Her kitschy hymns to John Paul II, during his 1984 Canadian papal visit, prompted
sneers in post-Quiet Revolution cultural circles and were parodied for years
by Quebec humorists. Quebec's leading humour magazine of the 1980s, Croc, took
to calling the gangly adolescent "Canine Dion." In her public appearances,
with "Maman" Dion hovering over her, she gushed about wanting to
be the "biggest star in the world." Quebeckers snickered.
"She wasn't simply perceived as ketaine [tacky, hickish]," Mr. Leger says.
"She was ketaine."
As she attained sexual maturity, vicious innuendo circulated about her relationship
with her manager, Rene Angelil, who is 26 years her senior.

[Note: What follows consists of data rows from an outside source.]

(* An effective divisor of degree n < g is determined by its multiplicities at
   the places of degree r <= g - 1.  For each such r, the multiplicities at the
   B_r places of degree r form a vector of length B_r whose entries sum to at
   most (g - 1)/r, because r times that sum is at most n <= g - 1; there are
   'C(B_r + k, k) such vectors for k = (g - 1)/r.  Hence the pairs (n, D)
   counted by the left-hand side inject into a product of these sets of
   vectors.  The degree n is recovered as the weighted sum of the entries, so
   no uniqueness of the degree of a place is needed. *)
From HB Require Import structures.
From mathcomp Require Import all_boot all_order all_algebra zify.
From mathcomp Require Import boolp.
Set Implicit Arguments. Unset Strict Implicit. Unset Printing Implicit Defensive.
Import Order.TTheory GRing.Theory Num.Theory.

Lemma In_mem (T : eqType) (x : T) (s : seq T) : List.In x s <-> x \in s.
Proof.
elim: s => //= a s IH; rewrite in_cons; split.
  by case=> [->|/IH ->]; rewrite ?eqxx ?orbT.
by case/orP => [/eqP ->|/IH]; auto.
Qed.

Lemma NoDup_uniq (T : eqType) (s : seq T) : List.NoDup s <-> uniq s.
Proof.
elim: s => [|a s IH]; first by split => // _; constructor.
split => [Has | /= /andP[Ha Hs]].
  by inversion Has; subst; apply/andP; split; [apply/negP => /In_mem | apply/IH].
by constructor; [move/In_mem; rewrite (negbTE Ha) | apply/IH].
Qed.

Lemma countsP (T : eqType) (P : T -> Prop) (n : nat) :
  counts P n <-> exists s : seq T, [/\ uniq s, size s = n & forall x, P x <-> x \in s].
Proof.
split=> [[s [/NoDup_uniq us [sz Ps]]] | [s [us sz Ps]]]; exists s.
  by split=> // x; rewrite -In_mem.
by split; [apply/NoDup_uniq | split=> // x; rewrite In_mem].
Qed.

Lemma Forall2_nth (S T : Type) (R : S -> T -> Prop) (s : seq S) (t : seq T) :
  List.Forall2 R s t ->
  size s = size t /\ forall i x0 y0, i < size s -> R (nth x0 s i) (nth y0 t i).
Proof.
elim=> [|x y s' t' Rxy _ [sz IH]]; first by split.
by split=> [|[|i] x0 y0 //= Hi]; [rewrite /= sz | apply: IH].
Qed.

Definition incr_head (t : seq nat) : seq nat :=
  if t is a :: t' then a.+1 :: t' else [::].

(* [bounded_vectors B k] lists the vectors of length B with entry sum at most
   k, by Pascal's rule: either the first entry is 0, or it is positive and
   decreasing it gives a vector of sum at most k - 1. *)
Fixpoint bounded_vectors (B k : nat) : seq (seq nat) :=
  if B is B'.+1 then
    let fix bv_k k := if k is k'.+1 then
        [seq 0 :: t | t <- bounded_vectors B' k] ++ [seq incr_head t | t <- bv_k k']
      else [:: nseq B 0] in bv_k k
  else [:: [::]].

Lemma bounded_vectorsSS B k :
  bounded_vectors B.+1 k.+1 =
  [seq 0 :: t | t <- bounded_vectors B k.+1] ++
  [seq incr_head t | t <- bounded_vectors B.+1 k].
Proof. by []. Qed.

Lemma size_bounded_vectors B k : size (bounded_vectors B k) = 'C(B + k, k).
Proof.
elim: B k => [|B IHB] k; first by rewrite add0n binn.
elim: k => [|k IHk]; first by rewrite bin0.
rewrite bounded_vectorsSS size_cat !size_map IHB IHk !addSn !addnS binS addnC.
by rewrite [RHS]binS addnC.
Qed.

Lemma sumn_eq0_nseq (t : seq nat) : sumn t = 0 -> t = nseq (size t) 0.
Proof. by elim: t => //= a t IH /eqP; rewrite addn_eq0 => /andP[/eqP-> /eqP/IH <-]. Qed.

Lemma mem_bounded_vectors B k t :
  size t = B -> sumn t <= k -> t \in bounded_vectors B k.
Proof.
elim: B k t => [|B IHB] k t; first by case: t.
elim: k t => [|k IHk] t.
  by move=> sz; rewrite leqn0 => /eqP/sumn_eq0_nseq ->; rewrite sz mem_seq1.
case: t => // -[|a] t [sz] sum_le; rewrite bounded_vectorsSS mem_cat.
  by rewrite (map_f (cons 0)) // IHB.
apply/orP; right; apply/mapP; exists (a :: t) => //.
by rewrite IHk //= sz.
Qed.

Fixpoint seq_prod (T : Type) (xs : seq (seq T)) : seq (seq T) :=
  if xs is x :: xs' then [seq a :: b | a <- x, b <- seq_prod xs'] else [:: [::]].

Lemma size_seq_prod (T : Type) (xs : seq (seq T)) :
  size (seq_prod xs) = \prod_(x <- xs) size x.
Proof. by elim: xs => [|x xs IH]; rewrite ?big_nil ?big_cons //= size_allpairs IH. Qed.

Lemma mem_seq_prod (T : eqType) (ts : seq T) (xs : seq (seq T)) :
  all2 (fun a x => a \in x) ts xs -> ts \in seq_prod xs.
Proof.
elim: xs ts => [|x xs IH] [|a ts] //= /andP[ax /IH tsxs].
exact: (allpairs_f (fun a b => a :: b)).
Qed.

Section Encoding.
Variables (P : eqType) (Pl : nat -> seq P) (g : nat).

(* Row r of the code lists the multiplicities at the places of [Pl r] whose
   degree is r; a place of another degree listed in [Pl r] contributes 0. *)
Definition encode (m d : P -> nat) : seq (seq nat) :=
  [seq [seq if d w == r then m w else 0 | w <- Pl r] | r <- iota 1 (g - 1)].

Definition code_weight (c : seq (seq nat)) : nat :=
  \sum_(r <- iota 1 (g - 1)) r * sumn (nth [::] c r.-1).

Definition code_mult (c : seq (seq nat)) (w : P) : nat :=
  \sum_(r <- iota 1 (g - 1))
     if w \in Pl r then nth 0 (nth [::] c r.-1) (index w (Pl r)) else 0.

Definition codes : seq (seq (seq nat)) :=
  seq_prod [seq bounded_vectors (size (Pl r)) ((g - 1) %/ r) | r <- iota 1 (g - 1)].

Lemma size_codes :
  size codes = \prod_(r <- iota 1 (g - 1)) 'C(size (Pl r) + (g - 1) %/ r, (g - 1) %/ r).
Proof. by rewrite size_seq_prod big_map; under eq_bigr do rewrite size_bounded_vectors. Qed.

Lemma nth_encode m d r : r \in iota 1 (g - 1) ->
  nth [::] (encode m d) r.-1 = [seq if d w == r then m w else 0 | w <- Pl r].
Proof.
rewrite mem_iota => /andP[r_gt0 r_lt]; have r_le : r.-1 < g - 1.
  by rewrite -ltnS prednK // -add1n.
by rewrite /encode (nth_map 0) ?size_iota // nth_iota // add1n prednK.
Qed.

Section EncodeSpec.
Variables (m d : P -> nat) (s : seq P) (n : nat).
Hypotheses (uniq_Pl : forall r, 0 < r -> uniq (Pl r)) (uniq_s : uniq s)
  (n_lt_g : n < g) (n_def : n = \sum_(w <- s) m w * d w)
  (supp : forall w, m w != 0 -> [/\ w \in s, w \in Pl (d w) & 0 < d w]).

Lemma mem_iota_deg w : m w != 0 -> d w \in iota 1 (g - 1).
Proof.
move=> mw; have [ws _ dw_gt0] := supp mw.
have dw_le : d w <= n.
  rewrite n_def (bigD1_seq w) //= (leq_trans _ (leq_addr _ _)) //.
  by rewrite leq_pmull // lt0n.
by rewrite mem_iota dw_gt0 subnKC ?(leq_ltn_trans dw_le) //; case: g n_lt_g.
Qed.

Lemma code_mult_encode w : code_mult (encode m d) w = m w.
Proof.
rewrite /code_mult.
under eq_big_seq => r r_deg.
  rewrite nth_encode //.
  have -> : (if w \in Pl r then nth 0 [seq if d x == r then m x else 0 | x <- Pl r]
                                      (index w (Pl r)) else 0)
            = if (w \in Pl r) && (d w == r) then m w else 0.
    by case: ifP => //= wP; rewrite (nth_map w) ?index_mem // nth_index.
  over.
have [m0|mw] := eqVneq (m w) 0.
  by rewrite big1_seq // => r _; rewrite m0; case: ifP.
have [_ wP _] := supp mw.
rewrite (bigD1_seq (d w)) ?mem_iota_deg ?iota_uniq //= wP eqxx /=.
by rewrite big1_seq ?addn0 // => r /andP[/= r_ne _]; rewrite eq_sym (negbTE r_ne) andbF.
Qed.

Lemma sumn_encode_row r : r \in iota 1 (g - 1) ->
  sumn (nth [::] (encode m d) r.-1) = \sum_(w <- s) if d w == r then m w else 0.
Proof.
move=> r_deg; rewrite nth_encode // sumnE big_map.
have r_gt0 : 0 < r by move: r_deg; rewrite mem_iota => /andP[].
have support_sum (t : seq P) : \sum_(w <- t) (if d w == r then m w else 0) =
    \sum_(w <- [seq w <- t | (d w == r) && (m w != 0)]) m w.
  rewrite big_filter [RHS]big_mkcond; apply: eq_bigr => w _.
  by case: (d w == r) => //=; case: eqP => // ->.
rewrite !support_sum; apply/perm_big/uniq_perm; rewrite ?filter_uniq ?uniq_Pl //.
move=> w; rewrite !mem_filter; apply/andP/andP => -[/andP[/eqP dw mw] wP].
  by have [ws _ _] := supp mw; rewrite dw eqxx mw.
by have [_ wP' _] := supp mw; rewrite dw eqxx mw -dw.
Qed.

Lemma code_weight_encode : code_weight (encode m d) = n.
Proof.
rewrite /code_weight (eq_big_seq _ (fun r rd => congr1 (muln r) (sumn_encode_row rd))).
rewrite n_def (eq_bigr (fun w => \sum_(r <- iota 1 (g - 1)) if d w == r then m w * r else 0)).
  rewrite exchange_big /=; apply: eq_bigr => r _; rewrite mulnC big_distrl /=.
  by apply: eq_bigr => w _; case: ifP.
move=> w _; have [m0|mw] := eqVneq (m w) 0.
  by rewrite m0 mul0n big1 // => r _; case: ifP.
rewrite (bigD1_seq (d w)) ?mem_iota_deg ?iota_uniq //= eqxx.
by rewrite big1_seq ?addn0 // => r /andP[/= r_ne _]; rewrite eq_sym (negbTE r_ne).
Qed.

The attacks sent her close to the breaking point. In a 1992 television interview
with talk-show host Lise Payette, Ms. Dion wept profusely about the treatment
she had endured from much of the Quebec public. The now legendary interview
was also a turning point from which she has never looked back. The following
year she released Colour of My Love,the breakthrough album that made her an
international superstar, with sales of 15 million copies.
Since then, ne'er a disparaging word is heard in Quebec about "la petite
fille de Charlemagne"-- another of the nicknames that has followed her
since childhood. Attacking her has become something of a taboo.
"She has earned the respect of her detractors," says author and
journalist Georges-Hebert Germain, who is preparing a biography of the singer. "For
years, the cultural elite tried to diminish the importance of her success.
That is simply no longer possible."
In fact, one must look outside Quebec to find any press on her that does not
border on the obsequious. It was the Paris-based gossip rags that first dared
to print that the waif-like Ms. Dion was suffering from anorexia nervosa. The
rumour gained little currency in Quebec, where even the gossip mags paint her
as a secular Mother Teresa.
Her relationship with her husband Mr. Angelil, the impresario who has masterfully
executed her transformation from the hokey character out of Hymn Sing into
a sexy, sultry star, also appears to be off limits in the Quebec media. This
is not the case in France.
"Did Celine Dion marry her father?" the French magazine Psychologies
asked last fall. "It is dangerous to try to analyze the dynamic that exists
between two people one does not know intimately. But marrying the man who 'made'
you is, symbolically, not unrelated to the presence of deep-rooted Oedipal
fantasies. It is also a way to become the wife-daughter of a man one has put
on a pedestal."
Wittingly or not, Ms. Dion cultivates this "little girl" persona.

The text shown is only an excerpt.